Pre-empt the “what if”

Bring the scenarios with you.

You know the questions coming — “what if volume’s higher,” “what if we don’t hire.” Have a scenario or two ready. Answering the challenge before it’s voiced signals control and saves the meeting from spiralling into hypotheticals you can’t answer live.

Structure

Recommendation, why, assumptions, ask.

A reliable shape: here’s what I recommend, here’s the forecast that drives it, here’s what it assumes and how confident I am, here’s the decision I need from you. Detail waits in the back pocket for whoever asks.

The four-line open

What a good forecast pitch sounds like

I’d hire 12 by September. The forecast says we’re ~12 short over Q4 peak — most likely 12, but 8–16 depending on the autumn campaign. It assumes 5% growth and current shrinkage. I need sign-off this week to hit the recruitment lead time.”

Recommendation, why, assumptions, ask — in twenty seconds. The detail waits in your back pocket. That’s a forecast that gets a decision, not a “leave it with me.”

The takeaway

Lead with the call, back it with the number.

Open on the decision, surface key assumptions, give an honest range, own a clear recommendation, and bring the scenarios. A forecast presented as a confident, well-caveated recommendation gets acted on — a bare number gets filed.

Now test yourself ↓

1 / 8

Slides done? Here’s the same idea in a bit more depth — the part worth keeping.

In depth: a forecast is a recommendation with a number attached

Nobody wants a number for its own sake — they want to know what to do about it. So don’t present the forecast, present the decision: open with the implication and the call you’re asking for, then show the forecast as the reason. The number is evidence, not the headline, and a planner who leads with the recommendation is far more useful than one who hands over data and asks the room to interpret it.

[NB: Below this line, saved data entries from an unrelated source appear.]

(* Every automorphism of [algC] restricts on [iota x] to an element of the
   Galois group: the image [w k] is [iota] of the root [P_k(x)] of the
   minimal polynomial of [x], which lies in [E]. *)
Lemma gal_realize nu :
  exists2 g, g \in 'Gal(E / 1)%g & iota (g x) = nu (iota x).
Proof.
have [k _ nu_x] := aut_iota_x nu.
have root_xpow : root (minPoly 1 x) (xpow k).
  apply/eqP/(fmorph_inj iota); rewrite rmorph0 -horner_map iota_xpow -nu_x.
  rewrite -(map_Qnum_poly iota nu (minPolyOver 1 x)) map_poly_comp horner_map /=.
  by rewrite horner_map /= (eqP (root_minPoly 1 x)) !rmorph0.
have [g0 _ g0_x] :=
  normalField_root_minPoly (sub1v _) (normalFieldf 1) (memvf x) root_xpow.
have : kAut 1 E g0.
  by rewrite kAut1E aimg_adjoin aimg1 g0_x; apply/FadjoinP; rewrite sub1v xpow_in_E.
case/kAut_to_gal => g Gg g_g0; exists g => //.
by rewrite -g_g0 ?memv_adjoin // g0_x iota_xpow.
Qed.

Lemma wu1 : wu 1%g = iota x.
Proof. by rewrite iota_xE /wu FinRing.val_unit1 /= -(Zp_cast n_gt1). Qed.

Definition gal_indexm := Morphism gal_index_morph.

Lemma gal_index_injm : ('injm gal_indexm)%g.
Proof. exact/injmP/gal_index_inj. Qed.

Local Notation H := (gal_indexm @* 'Gal(E / 1))%G.

Lemma gal_isog_image : ('Gal(E / 1) \isog H)%g.
Proof. by apply/isogP; exists gal_indexm => //; apply: gal_index_injm. Qed.

(* For every unit [u], either [u] or [-u] is in the image: an automorphism
   of [algC] raising [z] to the power [u] fixes or negates [s]. *)
Lemma image_cover u : u \in H \/ (u * m1)%g \in H.
Proof.
have cu : coprime (val u) n.
  by rewrite coprime_sym -unitZpE // natr_Zp; apply: (valP u).
have [nu nu_z] := Qn_aut_exists cu.
have [g Gg g_x] := gal_realize nu.
have nu_x : nu (iota x) = nu s * (z ^+ val u - (z ^+ val u)^-1).
  by rewrite iota_x rmorphM rmorphB fmorphV (nu_z z (prim_expr_order prim_z)).
have gH : gal_index g \in H by apply: mem_morphim.
case: (aut_sqrt_rat nu s2) => nu_s; [left | right].
  suff -> : u = gal_index g by [].
  by apply: wu_inj; rewrite -gal_indexP g_x nu_x nu_s.
suff -> : (u * m1)%g = gal_index g by [].
by apply: wu_inj; rewrite -gal_indexP g_x nu_x nu_s wu_m1 /wu /w mulNr.
Qed.

Lemma m1_image_of_aut nu : nu (iota x) = - iota x -> m1 \in H.
Proof.
move=> nu_x; have [g Gg g_x] := gal_realize nu.
suff <- : gal_index g = m1 by apply: mem_morphim.
by apply: wu_inj; rewrite -gal_indexP g_x nu_x -[m1]mul1g wu_m1 wu1.
Qed.

Lemma aut_of_m1_image : m1 \in H -> exists nu, nu (iota x) = - iota x.
Proof.
case/morphimP => g _ Gg m1_g; have g_m1 : gal_index g = m1 by rewrite m1_g.
have [nu nu_g] := extend_algC_subfield_aut iota (gal_repr g).
by exists nu; rewrite -nu_g gal_indexP /= g_m1 -[m1]mul1g wu_m1 wu1.
Qed.

(* For [R > 0], complex conjugation negates [iota x]. *)
Lemma m1_image_pos : 0 < R -> m1 \in H.
Proof.
move=> R_gt0; apply: (m1_image_of_aut Num.Def.conjC).
rewrite iota_x rmorphM rmorphB fmorphV /= (conj_sqrt_ge0 (ltW R_gt0)).
by rewrite (conj_unity n_gt0 (prim_expr_order prim_z)) invrK -mulrN opprB.
Qed.

(* If [s] is not in [Q(z)], negating [s] while fixing [z] negates [iota x]. *)
Lemma m1_image_flip : ~ in_Qgen z s -> m1 \in H.
Proof.
move=> sNQz; have [nu [nu_z nu_s]] := flip_sqrt s2 sNQz.
by apply: (m1_image_of_aut nu); rewrite iota_x rmorphM rmorphB fmorphV nu_z nu_s mulNr.
Qed.

(* If [R < 0] and [s] is in [Q(z)], no automorphism negates [iota x]: it
   would either fix [s] and act on [z] as complex conjugation, which negates
   [s], or negate [s] and fix [z], hence fix [s]. *)
Lemma m1_notin_image : R < 0 -> in_Qgen z s -> m1 \notin H.
Proof.
move=> R_lt0 sQz; apply/negP => /aut_of_m1_image [nu nu_x].
have [k _ nu_z] := aut_prim_rootP nu prim_z.
have nu_xk : nu (iota x) = nu s * (z ^+ k - (z ^+ k)^-1).
  by rewrite iota_x rmorphM rmorphB fmorphV nu_z.
have s_neq_opp : s != - s.
  by rewrite -addr_eq0 -mulr2n mulrn_eq0 negb_or s_neq0.
case: (aut_sqrt_rat nu s2) => nu_s; apply: (negP s_neq_opp); apply/eqP.
  have zk : z ^+ k = z ^+ (1 * n.-1).
    by apply: w_inj; rewrite w_opp -iota_xE -nu_x nu_xk nu_s.
  have nu_conj : nu z = z^*.
    by rewrite nu_z zk z_exp_opp expr1 (conj_unity n_gt0 (prim_expr_order prim_z)).
  by rewrite -[LHS]nu_s (aut_Qgen sQz nu_conj); apply: conj_sqrt_lt0 R_lt0 s2.
have zk : z ^+ k = z ^+ 1.
  by apply: w_inj; apply: oppr_inj; rewrite -iota_xE -nu_x nu_xk nu_s mulNr.
have nu_id : nu z = idfun z by rewrite nu_z zk expr1.
by rewrite -nu_s (aut_Qgen sQz nu_id).
Qed.

Lemma gal_isog_units : m1 \in H -> ('Gal(E / 1) \isog units_Zp n)%g.
Proof.
move=> m1H; suff -> : units_Zp n = H by apply: gal_isog_image.
apply/eqP; rewrite eqEsubset subsetT andbT; apply/subsetP => u _.
case: (image_cover u) => // umH.
by rewrite -[u]mulg1 -m1_sqr mulgA groupM.
Qed.

(* Otherwise the image is a complement of [{1, -1}] in the units. *)
Lemma gal_isog_quotient : m1 \notin H ->
  ('Gal(E / 1) \isog units_Zp n / Zp_pm1 n)%g.
Proof.
move=> m1NH; apply: isog_trans gal_isog_image _.
pose P := Group Zp_pm1_group.
apply: (@complement_isog_quotient _ [set: {unit 'Z_n}]%G H P); rewrite ?subsetT //.
- exact: units_Zp_abelian.
- apply/eqP; rewrite eqEsubset subsetT; apply/subsetP => u _.
  case: (image_cover u) => uH; first by rewrite -[u]mulg1 mem_mulg // Zp_pm1E eqxx.
  by rewrite -[u]mulg1 -m1_sqr mulgA mem_mulg // Zp_pm1E eqxx orbT.
- apply/eqP; rewrite eqEsubset sub1G andbT; apply/subsetP => u.
  rewrite inE Zp_pm1E => /andP[uH /orP[] /eqP u_eq]; first by rewrite u_eq inE.
  by rewrite -u_eq uH in m1NH.
Qed.

Lemma gal_isog_exceptional : R < 0 -> in_Qgen z s ->
  ('Gal(E / 1) \isog units_Zp n / Zp_pm1 n)%g.
Proof. by move=> R_lt0 sQz; apply/gal_isog_quotient/m1_notin_image. Qed.

Lemma gal_isog_generic : ~ (R < 0 /\ in_Qgen z s) -> ('Gal(E / 1) \isog units_Zp n)%g.
Proof.
move=> not_exc; apply: gal_isog_units; have [R_lt0 | R_gt0 | R0] := ltgtP R 0.
- by apply: m1_image_flip => sQz; apply: not_exc.
- exact: m1_image_pos.
- by case: R_nsq; exists 0; rewrite R0 expr0n.
Qed.

End GaloisGroup.

Theorem proposition4 (n : nat) (R : rat) (z : algC)
    (L : splittingFieldType rat) (iota : {rmorphism L -> algC}) (x : L) :
  (3 <= n)%N -> odd n ->
  ~ (exists q : rat, q ^+ 2 = R) ->
  n.-primitive_root z ->
  iota x = sqrtC (ratr R) * (z - z^-1) ->
  ((R < 0) /\ in_Qgen z (sqrtC (ratr R)) ->
     ('Gal(<<1; x>>%VS / 1%VS) \isog (units_Zp n / Zp_pm1 n))%g) /\
  (~ ((R < 0) /\ in_Qgen z (sqrtC (ratr R))) ->
     ('Gal(<<1; x>>%VS / 1%VS) \isog units_Zp n)%g).
Proof.
move=> n_ge3 n_odd R_nsq prim_z iota_x; split.
  by case; apply: (@gal_isog_exceptional n R z L iota x).
by apply: (@gal_isog_generic n R z L iota x).
Qed.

Assumptions and confidence, up front and honest

Every forecast stands on assumptions — growth, AHT, shrinkage, a marketing plan — so surface the two or three that matter most before anyone asks; it pre-empts the “but did you account for…” that derails a room and it shows your working honestly. Then state confidence as a range, not a point: a single number implies false precision, whereas “most likely 12 short, but 8–16 depending on the campaign” tells people how much to trust it and where the risk sits. Confidence stated well builds trust; false certainty destroys it the day it’s wrong.

Own the call and pre-empt the challenge

“Here’s the data, you decide” abdicates the expert’s job — you’ve done the analysis, so offer a clear recommendation and the reasoning, and let decision-makers disagree with a position rather than stare at a neutral pipe. Bring the scenarios with you, too: you know “what if volume’s higher” and “what if we don’t hire” are coming, so answering the challenge before it’s voiced signals control and saves the meeting from spiralling. A reliable structure ties it together — recommendation, why, assumptions and confidence, then the ask — with the detail kept in your back pocket for whoever wants it.

The principle to remember: lead with the call, back it with the number. Open on the decision, surface key assumptions, give an honest range, own a clear recommendation, and bring the scenarios — a confident, well-caveated recommendation gets acted on; a bare number gets filed.

Quick quiz

Five questions. Pick an answer to each, then check your score.

1. What should you open with when presenting a forecast?

Present the decision, not the number — the forecast is evidence, not the headline.

2. Why state key assumptions up front?

Surface the two or three that matter before someone asks — it keeps the room on track.

3. How should you express confidence?

A range is more honest and useful; false certainty destroys trust the day it’s wrong.

4. Should a planner offer a recommendation or stay neutral?

‘Here’s the data, you decide’ abdicates the expert’s job — a planner with a view is more useful.

5. How do you handle the inevitable ‘what if’ questions?

Pre-empt the predictable challenges so the meeting doesn’t spiral into live hypotheticals.